## Problem requirements
Range to output from the entries below: the line containing "Set Implicit Arguments. Unset Strict Implicit. Unset" through the line containing "compatible family x". Set it down exactly, ends included, nothing else.

## Stored data
Lemma mixed_diff_coons_cell N i j x1 x2 y1 y2 :
  let hs := s (i + 1) - s i in let ht := t (j + 1) - t j in
  mixed_diff (coons_cell s t N i j) x1 x2 y1 y2 =
    ((x2 - x1) / hs) *: mixed_diff N (s i) (s (i + 1)) y1 y2
  + ((y2 - y1) / ht) *: mixed_diff N x1 x2 (t j) (t (j + 1))
  - ((x2 - x1) / hs) *: (((y2 - y1) / ht) *: mixed_diff N (s i) (s (i + 1)) (t j) (t (j + 1))).
Proof. by apply/rowP => c; rewrite !mxE; field; rewrite s_gap_neq0 t_gap_neq0. Qed.

Lemma coons_cell_mixed_lipschitz N M i j :
  grid_mixed_lipschitz s t N M -> mixed_lipschitz (coons_cell s t N i j) (3 * M).
Proof.
move=> NM x1 x2 y1 y2; rewrite mixed_diff_coons_cell /=.
have hs_gt0 : 0 < s (i + 1) - s i by rewrite subr_gt0 (knot_lt s_knots).
have ht_gt0 : 0 < t (j + 1) - t j by rewrite subr_gt0 (knot_lt t_knots).
have Ds y1' y2' : `|mixed_diff N (s i) (s (i + 1)) y1' y2'|
    <= (s (i + 1) - s i) * (M * `|y1' - y2'|).
  rewrite mulrA (mulrC _ M) -(gtr0_norm hs_gt0) (distrC (s (i + 1))).
  by apply: NM; left; eexists.
have Dt x1' x2' : `|mixed_diff N x1' x2' (t j) (t (j + 1))|
    <= (t (j + 1) - t j) * (M * `|x1' - x2'|).
  rewrite mulrA (mulrC _ M) -(gtr0_norm ht_gt0) (distrC (t (j + 1))) mulrAC.
  by apply: NM; right; eexists.
have DC := normrZ_div_le (y2 - y1) ht_gt0 (Dt (s i) (s (i + 1))).
rewrite (distrC (s i)) (gtr0_norm hs_gt0) [_ * (M * _)]mulrC -mulrA mulrCA in DC.
have := normrZ_div_le (x2 - x1) hs_gt0 DC.
have := normrZ_div_le (y2 - y1) ht_gt0 (Dt x1 x2).
have := normrZ_div_le (x2 - x1) hs_gt0 (Ds y1 y2).
rewrite (distrC x2) (distrC y2) => tA tB tC.
have -> : 3 * M * `|x1 - x2| * `|y1 - y2| =
  `|x1 - x2| * (M * `|y1 - y2|) + `|y1 - y2| * (M * `|x1 - x2|) + `|x1 - x2| * (M * `|y1 - y2|).
  by ring.
by apply: le_trans (ler_normB _ _) _; rewrite !lerD // (le_trans (ler_normD _ _)) ?lerD.
Qed.

Lemma coons_mixed_lipschitz N M :
  grid_mixed_lipschitz s t N M -> mixed_lipschitz (coons N) (3 * M).
Proof.
move=> NM x1 x2 y1 y2; rewrite -mixed_diff_transpose mulrC.
apply: (mixed_diff_glue t_knots) => {y1 y2} j y1 y2 hy1 hy2.
rewrite mixed_diff_transpose.
have -> : `|y1 - y2| * (3 * M * `|x1 - x2|) = `|x1 - x2| * (3 * M * `|y1 - y2|) by ring.
apply: (mixed_diff_glue s_knots) => {x1 x2} i x1 x2 hx1 hx2.
have E x y : s i <= x <= s (i + 1) -> t j <= y <= t (j + 1) ->
    coons N x y = coons_cell s t N i j x y.
  by move=> hx hy; rewrite coons_cellE.
rewrite /mixed_diff !E // -/(mixed_diff _ _ _ _ _) mulrCA mulrA.
exact: coons_cell_mixed_lipschitz.
Qed.

Lemma coons_cell_sub F i j x y :
  let hs := s (i + 1) - s i in let ht := t (j + 1) - t j in
  coons_cell s t F i j x y - F x y = - (
    ((s (i + 1) - x) / hs) *:
      (((t (j + 1) - y) / ht) *: mixed_diff F x (s i) y (t j)
       + ((y - t j) / ht) *: mixed_diff F x (s i) y (t (j + 1)))
  + ((x - s i) / hs) *:
      (((t (j + 1) - y) / ht) *: mixed_diff F x (s (i + 1)) y (t j)
       + ((y - t j) / ht) *: mixed_diff F x (s (i + 1)) y (t (j + 1)))).
Proof. by apply/rowP => c; rewrite !mxE; field; rewrite s_gap_neq0 t_gap_neq0. Qed.
(* Inside the quotient field $Q(\mathbb{Z}[q]^{\mathbb{N}})$ one has $$\mathbb{Z}[q]^{\mathbb{N}}\cap\mathbb{Z}[q,q^{-1}][\Phi_{\mathbb{N}}^{-1}]=\mathbb{Z}[q,q^{-1}].$$
   Context: $q$ is an indeterminate, $\Phi_n(q)$ the $n$th cyclotomic polynomial, and $\Phi_{\mathbb{N}}^*$ the multiplicative subset of $\mathbb{Z}[q]$ generated by all $\Phi_n(q)$, $n\in\mathbb{N}$. $\mathbb{Z}[q]^{\mathbb{N}}=\varprojlim_{f\in\Phi_{\mathbb{N}}^*}\mathbb{Z}[q]/(f)$; it is an integral domain in which $q$ is invertible, and the natural map $\mathbb{Z}[q,q^{-1}]\to\mathbb{Z}[q]^{\mathbb{N}}$ is injective, so $\mathbb{Q}(q)\subset Q(\mathbb{Z}[q]^{\mathbb{N}})$, where $Q(\cdot)$ denotes the quotient field. $\mathbb{Z}[q,q^{-1}][\Phi_{\mathbb{N}}^{-1}]$ is the subring of $\mathbb{Q}(q)$ of fractions $f/g$ with $f\in\mathbb{Z}[q,q^{-1}]$, $g\in\Phi_{\mathbb{N}}^*$. *)

From mathcomp Require Import all_boot all_order all_algebra all_field.
Set Implicit Arguments. Unset Strict Implicit. Unset Printing Implicit Defensive.
Import GRing.Theory.
Local Open Scope ring_scope.

(* Divisibility in Z[q] (genuine, not pseudo-divisibility). *)
Definition zdvd (f a : {poly int}) : Prop := exists r : {poly int}, a = r * f.

Definition zcong (f a b : {poly int}) : Prop := zdvd f (a - b).

Definition inPhiStar (f : {poly int}) : Prop :=
  exists s : seq nat, all (fun n => (0 < n)%N) s /\ f = \prod_(n <- s) 'Phi_n.

(* An element of Z[q]^N = lim_{f in Phi_N^*} Z[q]/(f) is represented by a
   compatible family x : f |-> x f (a representative of its component in
   Z[q]/(f)); two families represent the same element iff they agree
   modulo every f in Phi_N^*. *)
Definition compatible (x : {poly int} -> {poly int}) : Prop :=
  forall f g, inPhiStar f -> inPhiStar g -> zdvd g f -> zcong g (x f) (x g).

Definition ZqN_eq (x y : {poly int} -> {poly int}) : Prop :=
  forall f, inPhiStar f -> zcong f (x f) (y f).

(* The Laurent polynomial p * q^{-k} in Z[q,q^{-1}], seen in Z[q]^N:
   x equals its image iff q^k * x = p in every Z[q]/(f)
   (q is a unit in each Z[q]/(f), f in Phi_N^* ). *)
Definition is_laurent_image (x : {poly int} -> {poly int}) (p : {poly int}) (k : nat) : Prop :=
  forall f, inPhiStar f -> zcong f ('X ^+ k * x f) p.

Definition ZqN_scale (g : {poly int}) (x : {poly int} -> {poly int}) :=
  fun f => g * x f.

From mathcomp Require Import all_boot all_order all_algebra all_field.
Local Open Scope ring_scope.
Import GRing.Theory.
Set Implicit Arguments. Unset Strict Implicit.

(* Writing p q^-k = g x in Z[q]^N, the component at g itself shows that g
   divides p in Z[q], say p = p' g.  At the component f g, the congruence
   g (q^k x(f g)) = g p' mod f g can be cancelled by g (Z[q] is a domain), so
   q^k x(f g) = p' mod f, and compatibility gives x(f g) = x(f) mod f.  Hence x
   is the image of the Laurent polynomial p' q^-k. *)

Lemma zdvdD f a b : zdvd f a -> zdvd f b -> zdvd f (a + b).
Proof. by move=> [r ->] [s ->]; exists (r + s); rewrite mulrDl. Qed.

Lemma zdvdN f a : zdvd f a -> zdvd f (- a).
Proof. by move=> [r ->]; exists (- r); rewrite mulNr. Qed.

Lemma zdvd_mull f c a : zdvd f a -> zdvd f (c * a).
Proof. by move=> [r ->]; exists (c * r); rewrite mulrA. Qed.

Lemma zdvd_mulr f c : zdvd f (c * f).
Proof. by exists c. Qed.

Lemma zcong_sym f a b : zcong f a b -> zcong f b a.
Proof. by move/zdvdN; rewrite opprB. Qed.

Lemma zcong_trans f a b c : zcong f a b -> zcong f b c -> zcong f a c.
Proof. by move=> Hab /(zdvdD Hab); rewrite addrA subrK. Qed.

Lemma zcong_mul2l f c a b : zcong f a b -> zcong f (c * a) (c * b).
Proof. by move/(zdvd_mull c); rewrite /zcong mulrBr. Qed.

Lemma zcong_zdvd f a b : zcong f a b -> zdvd f a -> zdvd f b.
Proof. by move=> /zdvdN Hab /(zdvdD Hab); rewrite opprB subrK. Qed.

Lemma zcong_mulI f g a b :
  g != 0 -> zcong (f * g) (g * a) (g * b) -> zcong f a b.
Proof.
move=> g_neq0 [r E]; exists r; apply: (mulIf g_neq0).
by rewrite mulrBl -mulrA -E ![_ * g]mulrC.
Qed.

Lemma inPhiStarM f g : inPhiStar f -> inPhiStar g -> inPhiStar (f * g).
Proof.
move=> [s [Hs ->]] [t [Ht ->]]; exists (s ++ t).
by rewrite all_cat Hs Ht big_cat.
Qed.

Lemma inPhiStar_neq0 g : inPhiStar g -> g != 0.
Proof.
move=> [s [_ ->]]; apply/monic_neq0/monic_prod => n _.
exact: Cyclotomic_monic.
Qed.

Theorem proposition7p5 :
  forall (x : {poly int} -> {poly int}), compatible x ->
  forall (p g : {poly int}) (k : nat), inPhiStar g ->
    is_laurent_image (ZqN_scale g x) p k ->
  exists (p' : {poly int}) (k' : nat), is_laurent_image x p' k'.
Proof.
move=> x x_compat p g k Phi_g gx_eq.
have [p' def_p] : zdvd g p.
  apply: zcong_zdvd (gx_eq g Phi_g) _.
  by rewrite /ZqN_scale mulrCA mulrC; apply: zdvd_mulr.
exists p', k => f Phi_f.
have Phi_fg := inPhiStarM Phi_f Phi_g.
have xfg_eq : zcong f ('X ^+ k * x (f * g)) p'.
  apply: (zcong_mulI (inPhiStar_neq0 Phi_g)).
  by rewrite mulrCA [g * p']mulrC -def_p; apply: gx_eq.
have xfg_xf : zcong f (x (f * g)) (x f) 
  by apply: x_compat => //; rewrite mulrC; apply: zdvd_mulr.
exact: zcong_trans (zcong_sym (zcong_mul2l _ xfg_xf)) xfg_eq.
Qed.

## Solution
Set Implicit Arguments. Unset Strict Implicit. Unset Printing Implicit Defensive.
Import GRing.Theory.
Local Open Scope ring_scope.

(* Divisibility in Z[q] (genuine, not pseudo-divisibility). *)
Definition zdvd (f a : {poly int}) : Prop := exists r : {poly int}, a = r * f.

Definition zcong (f a b : {poly int}) : Prop := zdvd f (a - b).

Definition inPhiStar (f : {poly int}) : Prop :=
  exists s : seq nat, all (fun n => (0 < n)%N) s /\ f = \prod_(n <- s) 'Phi_n.

(* An element of Z[q]^N = lim_{f in Phi_N^*} Z[q]/(f) is represented by a
   compatible family x : f |-> x f (a representative of its component in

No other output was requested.